Between statement missing indexes in certain cases

2019-07-15 12:21发布

问题:

I have a large database of numbers that I am looking for a match in between:

For example:

1112203488

My table looks like this:

| sATON | eATON | info |

I have two index's on sATON and eATON (named s and e)

So my SQL is as follows:

SELECT * 
FROM  `data2` 
FORCE INDEX ( s, e ) 
WHERE 1112203488
BETWEEN  `sATON` 
AND  `eATON`;

So usually when the index is used the query will take nearly zero time (0.02). However, sometimes it looks like the table stats in MySQL is taking the decision to do a full table scan instead, despite me forcing the use of the indexes in the SQL. This is a huge performance hit as it takes the query from 0.02 to 120 s.

Here are some samples that run fast (using indexes) :

67372289
134744072

And the slow ones:

1112203488
1348203839

If it helps the indexes are using BTREE.

回答1:

If any such query will return maximum one row, this means that the (sATON, eATON) ranges are not overlapping.

Therefore, and only if the ranges are not overlapping, you can use this query instead:

SELECT * 
FROM data2 
WHERE sATON = 
      ( SELECT MAX(sATON)
        FROM data2 
        WHERE sATON <= 1112203488
      )
  AND eATON = 
      ( SELECT MIN(eATON)
        FROM data2 
        WHERE eATON >= 1112203488
      )

or even this (that will need to use just one index, the sATON one):

SELECT * 
FROM data2 
WHERE sATON = 
      ( SELECT MAX(sATON)
        FROM data2 
        WHERE sATON <= 1112203488
      )
  AND eATON >= 1112203488


回答2:

As pointed out by ypercube, only one index can be used for your current query. From your execution plan I can see that it uses the s index, which means that it scans all rows where the value is greater than sAton. For high values, this will be almost all values, making it as inefficient as a full table scan.

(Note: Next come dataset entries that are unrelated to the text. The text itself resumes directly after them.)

(* Let $S$ be a finite colored ordered set and let $(\sigma,v)\preceq(\pi,w)$ in $\mathcal Y(S)$. Write $\pi=(C_1,\dots,C_q)$, $w=w(1)\cdots w(q)$, and let $v_k$ be the restriction of the coloring $v$ to the blocks of $\sigma$ contained in $C_k$. Then there is an order isomorphism \[ \theta:[\sigma,\pi]\to Y_{v_1}^{w(1)}\times\cdots\times Y_{v_q}^{w(q)} \] (product order on the right) such that for each $\lambda\in[\sigma,\pi]$, $\lambda$ and $\theta(\lambda)=(\lambda_1,\dots,\lambda_q)$ are isomorphic colored ordered sets.
   Context: Fix a finite set of colors $\Gamma$. A colored ordered set is a finite linearly ordered set $S=(x_1<\dots<x_p)$ with a map $c_S:S\to\Gamma$, identified with the word $c_S(x_1)\cdots c_S(x_p)$; two are isomorphic if the (unique) order isomorphism between them preserves colors, i.e. they have the same color word. An (interval) partition of $S$ is a partition into nonempty blocks $B_1<\dots<B_q$ each of which is a set of consecutive elements. A colored partition $(\sigma,c_\sigma)$ of $S$ is an interval partition $\sigma=(B_1,\dots,B_q)$ together with a coloring $c_\sigma$ of its blocks such that every singleton block $\{x\}$ has color $c_S(x)$; it is regarded as the colored ordered set $(B_1<\dots<B_q)$ with coloring $c_\sigma$. $\mathcal Y(S)$ is the set of colored partitions of $S$, partially ordered by $(\sigma,v)\preceq(\pi,w)$ iff every block of $\sigma$ is contained in a block of $\pi$ and every block common to $\sigma$ and $\pi$ has the same color in both. $[\sigma,\pi]=\{\lambda:\sigma\preceq\lambda\preceq\pi\}$. For a word $v$ of length $p$ over $\Gamma$ and $j\in\Gamma$, consider $\mathcal Y(([p],v))$; let $\mathbf 0_v$ be the partition into singletons (colored by $v$) and $\mathbf 1_j$ the one-block partition colored $j$; $Y_v^j=[\mathbf 0_v,\mathbf 1_j]$. An element $\lambda_k\in Y_{v_k}^{w(k)}$ is a colored partition of the blocks of $\sigma$ inside $C_k$; $(\lambda_1,\dots,\lambda_q)$ is regarded as the colored ordered set obtained by concatenating the blocks of $\lambda_1,\dots,\lambda_q$ with their colors. *)

From mathcomp Require Import all_boot.
Set Implicit Arguments. Unset Strict Implicit. Unset Printing Implicit Defensive.

(* A finite colored ordered set S = (x_1 < ... < x_p) is represented (up to the
   unique order isomorphism) by its color word  c : seq Gamma, on the positions
   0, ..., p-1.

   An interval partition with block colors (a candidate colored partition) is a
   sequence of pairs (block length, block color), listed left to right.  *)
Definition cpart (Gamma : Type) := seq (nat * Gamma).

Section Defs.
Variable Gamma : eqType.

Fixpoint blocks_from (s : nat) (P : cpart Gamma) : seq ((nat * nat) * Gamma) :=
  match P with
  | [::] => [::]
  | (l, g) :: P' => ((s, l), g) :: blocks_from (s + l) P'
  end.

Definition blocks (P : cpart Gamma) := blocks_from 0 P.

Definition is_cpart (c : seq Gamma) (P : cpart Gamma) : bool :=
  all (fun b => 0 < b.1) P && (sumn (map fst P) == size c) &&
  all (fun b => (b.1.2 == 1) ==> (b.2 == nth b.2 c b.1.1)) (blocks P).

Definition inside (I J : nat * nat) : bool :=
  (J.1 <= I.1) && (I.1 + I.2 <= J.1 + J.2).
(* Let $a>b>0$ and let $E$ be the ellipse $\frac{x^2}{a^2}+\frac{y^2}{b^2}=1$. For a 3-periodic billiard orbit $T$ in $E$, let $r,R$ be the inradius and circumradius of $T$, let $A'$ be the area of the excentral triangle of $T$ and $A''$ the area of the extouch triangle of $T$. Then $A'/A''=(2R/r)^2$, and this ratio is the same for all 3-periodic orbits in $E$.
   Context: A 3-periodic billiard orbit in the ellipse $E$ is a nondegenerate triangle $P_1P_2P_3$ with all vertices on $E$ such that at each vertex $P_i$ the normal line to $E$ at $P_i$ bisects the interior angle of the triangle at $P_i$. The excentral triangle has vertices at the three excenters of $T$. The extouch triangle has as vertices the three points where each excircle of $T$ touches the corresponding side (segment) of $T$. *)

From Stdlib Require Import Reals.
Open Scope R_scope.

Definition pt := (R * R)%type.

Definition padd (p q : pt) : pt := (fst p + fst q, snd p + snd q).
Definition psub (p q : pt) : pt := (fst p - fst q, snd p - snd q).
Definition pscale (k : R) (p : pt) : pt := (k * fst p, k * snd p).
Definition dot (u v : pt) : R := fst u * fst v + snd u * snd v.
Definition det2 (u v : pt) : R := fst u * snd v - snd u * fst v.
Definition dist (p q : pt) : R := sqrt (dot (psub p q) (psub p q)).

Definition on_ellipse (a b : R) (p : pt) : Prop :=
  (fst p) ^ 2 / a ^ 2 + (snd p) ^ 2 / b ^ 2 = 1.

(* A normal vector to the ellipse at p (gradient of x^2/a^2 + y^2/b^2). *)
Definition ellipse_normal (a b : R) (p : pt) : pt :=
  (fst p / a ^ 2, snd p / b ^ 2).

Definition bisector_dir (P Q S : pt) : pt :=
  padd (pscale (/ dist Q P) (psub Q P)) (pscale (/ dist S P) (psub S P)).

(* The normal line to E at P (through P) bisects the interior angle at P:
   both lines pass through P, so they coincide iff directions are parallel. *)
Definition normal_bisects (a b : R) (P Q S : pt) : Prop :=
  det2 (bisector_dir P Q S) (ellipse_normal a b P) = 0.

Definition nondegenerate (P1 P2 P3 : pt) : Prop :=
  det2 (psub P2 P1) (psub P3 P1) <> 0.

Definition billiard3 (a b : R) (P1 P2 P3 : pt) : Prop :=
  nondegenerate P1 P2 P3 /\
  on_ellipse a b P1 /\ on_ellipse a b P2 /\ on_ellipse a b P3 /\
  normal_bisects a b P1 P2 P3 /\
  normal_bisects a b P2 P3 P1 /\
  normal_bisects a b P3 P1 P2.

Definition tri_area (P1 P2 P3 : pt) : R :=
  Rabs (det2 (psub P2 P1) (psub P3 P1)) / 2.

Definition semiperimeter (P1 P2 P3 : pt) : R :=
  (dist P2 P3 + dist P1 P3 + dist P1 P2) / 2.

Definition inradius (P1 P2 P3 : pt) : R :=
  tri_area P1 P2 P3 / semiperimeter P1 P2 P3.
Definition circumradius (P1 P2 P3 : pt) : R :=
  dist P2 P3 * dist P1 P3 * dist P1 P2 / (4 * tri_area P1 P2 P3).

(* Excenter opposite vertex P (the other vertices Q, S):
   barycentrics (-|QS| : |PS| : |PQ|). *)
Definition excenter (P Q S : pt) : pt :=
  let la := dist Q S in let lb := dist P S in let lc := dist P Q in
  pscale (/ (- la + lb + lc))
    (padd (pscale (- la) P) (padd (pscale lb Q) (pscale lc S))).

(* Orthogonal projection of X onto the line AB (tangency point of a circle
   centred at X tangent to line AB). *)
Definition foot (X A B : pt) : pt :=
  padd A (pscale (dot (psub X A) (psub B A) / dot (psub B A) (psub B A))
                 (psub B A)).

Definition extouch_pt (P Q S : pt) : pt := foot (excenter P Q S) Q S.

Definition excentral_area (P1 P2 P3 : pt) : R :=
  tri_area (excenter P1 P2 P3) (excenter P2 P3 P1) (excenter P3 P1 P2).

Definition extouch_area (P1 P2 P3 : pt) : R :=
  tri_area (extouch_pt P1 P2 P3) (extouch_pt P2 P3 P1) (extouch_pt P3 P1 P2).

(* Let [la, lb, lc] be the side lengths and [D] twice the signed area of the triangle. In
   barycentric coordinates the excentral triangle has weight matrix of determinant
   [4 la lb lc] and the extouch triangle one of determinant [2 f1 f2 f3], where
   [f1 = - la + lb + lc], ...; by Heron's formula the area ratio is therefore
   [(la lb lc (la + lb + lc) / D ^ 2) ^ 2], which is exactly [(2 R / r) ^ 2].

   For the invariance write the vertices as [P_i = (a X_i, b Y_i)] with [X_i^2 + Y_i^2 = 1].
   The reflection law at [P_i] says that [(1 - <Z_i, Z_j>) / |P_i P_j|] is the same for both
   chords through [P_i], hence equal to one constant [K] for all three chords. Squaring turns
   this into a symmetric biquadratic relation between [z_i = X_i + i Y_i] and [z_j]; a relation
   of this kind with three pairwise related distinct roots forces [K ^ 2] to be the positive
   root of [(a^2 - b^2)^2 k^2 + 2 (a^2 + b^2) k - 3], and then
   [2 R / r = (9 - k^2 (a^2 - b^2)^2) / (4 k^2 a^2 b^2)] depends on [a] and [b] only. *)

From Stdlib Require Import Reals Lra Psatz Classical.
From Coquelicot Require Import Complex.
Open Scope R_scope.

Lemma dist_comm p q : dist p q = dist q p.
Proof. unfold dist, dot, psub; simpl. f_equal. ring. Qed.

Lemma dist_ge0 p q : 0 <= dist p q.
Proof. apply sqrt_pos. Qed.

Lemma dist_sqr p q : dist p q * dist p q = dot (psub p q) (psub p q).
Proof.
  unfold dist, dot, psub; simpl.
  rewrite sqrt_sqrt; [reflexivity | apply Rplus_le_le_0_compat; apply Rle_0_sqr].
Qed.

Lemma dot_comm u v : dot u v = dot v u.
Proof. unfold dot; ring. Qed.

Lemma dot_pscale_l k u v : dot (pscale k u) v = k * dot u v.
Proof. unfold dot, pscale; simpl; ring. Qed.

Lemma dot_pscale_r k u v : dot u (pscale k v) = k * dot u v.
Proof. unfold dot, pscale; simpl; ring. Qed.

Lemma det2_pscale k m u v : det2 (pscale k u) (pscale m v) = k * m * det2 u v.
Proof. unfold det2, pscale; simpl; ring. Qed.

Lemma det2_rotate P1 P2 P3 :
  det2 (psub P3 P2) (psub P1 P2) = det2 (psub P2 P1) (psub P3 P1).
Proof. unfold det2, psub; simpl; ring. Qed.

Lemma pos_of_pairwise_sums_nonneg f1 f2 f3 :
  0 <= f1 + f2 -> 0 <= f1 + f3 -> 0 <= f2 + f3 -> 0 < f1 * f2 * f3 ->
  0 < f1 /\ 0 < f2 /\ 0 < f3.
Proof.
  intros H12 H13 H23 Hp.
  assert (key : forall g1 g2 g3, 0 <= g1 + g2 -> 0 <= g1 + g3 -> 0 < g1 * g2 * g3 -> 0 < g1).
  { intros g1 g2 g3 A2 A3 Ap. destruct (Rlt_or_le 0 g1); [assumption|].
    assert (0 <= g2 * g3) by nra. nra. }
  split; [|split].
  - exact (key f1 f2 f3 H12 H13 Hp).
  - apply (key f2 f1 f3); lra.
  - apply (key f3 f1 f2); lra.
Qed.

Definition bary (P1 P2 P3 : pt) (u1 u2 u3 : R) : pt :=
  pscale (/ (u1 + u2 + u3)) (padd (pscale u1 P1) (padd (pscale u2 P2) (pscale u3 P3))).

Lemma bary_rotate P1 P2 P3 u1 u2 u3 : bary P2 P3 P1 u2 u3 u1 = bary P1 P2 P3 u1 u2 u3.
Proof.
  unfold bary, pscale, padd; simpl.
  replace (u2 + u3 + u1) with (u1 + u2 + u3) by ring. f_equal; ring.
Qed.

Lemma det2_bary P1 P2 P3 u1 u2 u3 v1 v2 v3 w1 w2 w3 :
  u1 + u2 + u3 <> 0 -> v1 + v2 + v3 <> 0 -> w1 + w2 + w3 <> 0 ->
  det2 (psub (bary P1 P2 P3 v1 v2 v3) (bary P1 P2 P3 u1 u2 u3))
       (psub (bary P1 P2 P3 w1 w2 w3) (bary P1 P2 P3 u1 u2 u3))
  = (u1 * (v2 * w3 - v3 * w2) - u2 * (v1 * w3 - v3 * w1) + u3 * (v1 * w2 - v2 * w1))
    / ((u1 + u2 + u3) * (v1 + v2 + v3) * (w1 + w2 + w3))
    * det2 (psub P2 P1) (psub P3 P1).
Proof.
  intros Hu Hv Hw. unfold bary, det2, psub, padd, pscale; simpl.
  field. auto.
Qed.

Lemma tri_area_div A1 A2 A3 B1 B2 B3 c : 0 <= c ->
  det2 (psub B2 B1) (psub B3 B1) <> 0 ->
  det2 (psub A2 A1) (psub A3 A1) = c * det2 (psub B2 B1) (psub B3 B1) ->
  tri_area A1 A2 A3 / tri_area B1 B2 B3 = c.
Proof.
  intros Hc HB HA. unfold tri_area. rewrite HA, Rabs_mult, (Rabs_pos_eq c Hc).
  field. apply Rabs_no_R0. exact HB.
Qed.

Section Triangle.

Variables P1 P2 P3 : pt.
Let la := dist P2 P3.
Let lb := dist P1 P3.
Let lc := dist P1 P2.
Let D := det2 (psub P2 P1) (psub P3 P1).

Lemma heron : (la + lb + lc) * (- la + lb + lc) * (la - lb + lc) * (la + lb - lc) = 4 * D ^ 2.
Proof.
  pose proof (dist_sqr P2 P3) as Ha. pose proof (dist_sqr P1 P3) as Hb.
  pose proof (dist_sqr P1 P2) as Hc. fold la lb lc in Ha, Hb, Hc.
  transitivity (2 * ((la * la) * (lb * lb) + (lb * lb) * (lc * lc) + (lc * lc) * (la * la))
                - ((la * la) * (la * la) + (lb * lb) * (lb * lb) + (lc * lc) * (lc * lc))).
  { ring. }
  rewrite Ha, Hb, Hc. unfold D, det2, dot, psub; simpl. ring.
Qed.

Hypothesis HD : D <> 0.

Lemma triangle_strict : 0 < - la + lb + lc /\ 0 < la - lb + lc /\ 0 < la + lb - lc.
Proof.
  pose proof (dist_ge0 P2 P3) as Ha. pose proof (dist_ge0 P1 P3) as Hb.
  pose proof (dist_ge0 P1 P2) as Hc. pose proof heron as H.
  fold la lb lc in Ha, Hb, Hc. fold la lb lc D in H.
  assert (HD2 : 0 < D ^ 2) by (apply Rcomplements.pow2_gt_0; exact HD).
  assert (Hs : 0 < la + lb + lc).
  { destruct (Rlt_or_le 0 (la + lb + lc)); [assumption|].
    assert (la = 0) by lra. assert (lb = 0) by lra. assert (lc = 0) by lra. nra. }
  apply pos_of_pairwise_sums_nonneg; try lra.
  apply (Rmult_lt_reg_l (la + lb + lc)); [exact Hs|]. nra.
Qed.
Theorem proposition1 (R : realFieldType) (T m : nat) (A : 'M[R]_(m, T)) (b : 'cV[R]_m)
  (cP cI cB bP : R) (Dhat Delta : nat -> R) (Gam : nat) (x : nat -> R) (Cstar : R) :
  (1 <= T)%N ->
  (Gam <= T)%N ->
  (forall t, (1 <= t <= T)%N -> 0 <= Dhat t) ->
  (forall t, (1 <= t < T)%N -> Dhat t <= Dhat t.+1) ->
  (forall t, (1 <= t <= T)%N -> 0 <= Delta t <= Dhat t) ->
  inXset A b x ->
  (exists D, inUd T Dhat Delta Gam D /\ scen_cost T cP cI cB bP x D = Cstar /\
     forall D', inUd T Dhat Delta Gam D' -> scen_cost T cP cI cB bP x D' <= Cstar)
  <->
  (exists p, rlp_feasible T Dhat Delta Gam p /\ path_len T cP cI cB bP x p = Cstar /\
     forall p', rlp_feasible T Dhat Delta Gam p' -> path_len T cP cI cB bP x p' <= Cstar).
Proof.
move=> T_ge1 _ _ _ _ _; apply: optimal_value_transfer.
- by move=> p /(scenario_of_rlp_path cP cI cB bP x T_ge1).
- by move=> D /(rlp_path_of_scenario cP cI cB bP x T_ge1).
Qed.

I would go with ypercubes suggested solution, it should be able to use both indexes efficiently.

Using bind variables serves several purposes:

  1. Eliminates the risk of SQL injection
  2. Allows the database to reuse compiled SQL statements
  3. Reduces the number of different questions, making better use of the datbase cache for recently used questions

I've mostly worked with Oracle, so I'm not sure how valid 2 and 3 are for mysql.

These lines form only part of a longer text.